Lemma G_merge s zz : Theta s -> G s (merge zz) = G s zz.1.
Proof. by move=> Ths; apply: G_local => // i iI1; rewrite /merge iI1. Qed.

Lemma F_merge y zz : F y (merge zz) = F y zz.2.
Proof. by apply: F_local => i; rewrite inE /merge => /negbTE ->. Qed.

(* By [lawZ_merge], [(Y s, X s)] has the law of [(G s z, F (G s z) z')] for
   independent copies [z], [z'] of [vecZ]. *)
Lemma sufficient_split (X : Th -> Omega -> K -> R) (Y : Th -> Omega -> J -> R) :
  (forall s, Theta s -> forall w, Y s w = G s (vecZ w)) ->
  (forall s, Theta s -> forall w, X s w = F (Y s w) (vecZ w)) ->
  sufficient P Theta X Y.
Proof.
move=> defY defX; exists condlaw => s Ths A B mA mB.
have eqY : Y s = G s \o vecZ by apply/funext => w; exact: defY.
have eqX : X s = (fun z => F (G s z) z) \o vecZ.
  by apply/funext => w; rewrite /= defX // defY.
have mGB : measurable (G s @^-1` B) by rewrite -[_ @^-1` _]setTI; exact: mG.
set C := (fun z => F (G s z) z) @^-1` A `&` G s @^-1` B.
have mC : measurable C.
  apply: measurableI mGB; rewrite -[_ @^-1` _]setTI.
  exact: measurableT_comp mF (measurable_fun_pair (mG s) (@measurable_id _ _ _)) measurableT A mA.
rewrite eqY.
rewrite -(ge0_integral_pushforward measurable_vecZ P (f := condlaw^~ A \o G s) mGB); last 2 first.
- apply: measurable_funTS; exact: measurableT_comp (measurable_condlaw mA) (mG s).
- by move=> z _; exact: measure_ge0.
rewrite eqX -[P _]/(lawZ C) (lawZ_merge mC) [RHS]integral_mkcond /product_measure1.
apply: eq_integral => z _ /=; rewrite /patch.
case: ifPn => [|zB]; first rewrite in_setE => zB.
  congr (lawZ _); apply/seteqP; split => z'; rewrite /xsection /= in_setE /C /=.
    by rewrite G_merge // F_merge; case.
  by rewrite G_merge // F_merge.
have -> : xsection (merge @^-1` C) z = set0.
  apply/seteqP; split => z' //; rewrite /xsection /= in_setE /C /= G_merge // => -[_ GB].
  by move/negP: zB; apply; rewrite in_setE.
exact: measure0.
Qed.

# # # # #

Work request:
Given the data above, transcribe exactly the lines from the one containing "Proof. by move=>" down to the one containing "independent copies [z], [z'] of [vecZ]. *)", and no others.

Output:
Proof. by move=> Ths; apply: G_local => // i iI1; rewrite /merge iI1. Qed.

Lemma F_merge y zz : F y (merge zz) = F y zz.2.
Proof. by apply: F_local => i; rewrite inE /merge => /negbTE ->. Qed.

(* By [lawZ_merge], [(Y s, X s)] has the law of [(G s z, F (G s z) z')] for
   independent copies [z], [z'] of [vecZ]. *)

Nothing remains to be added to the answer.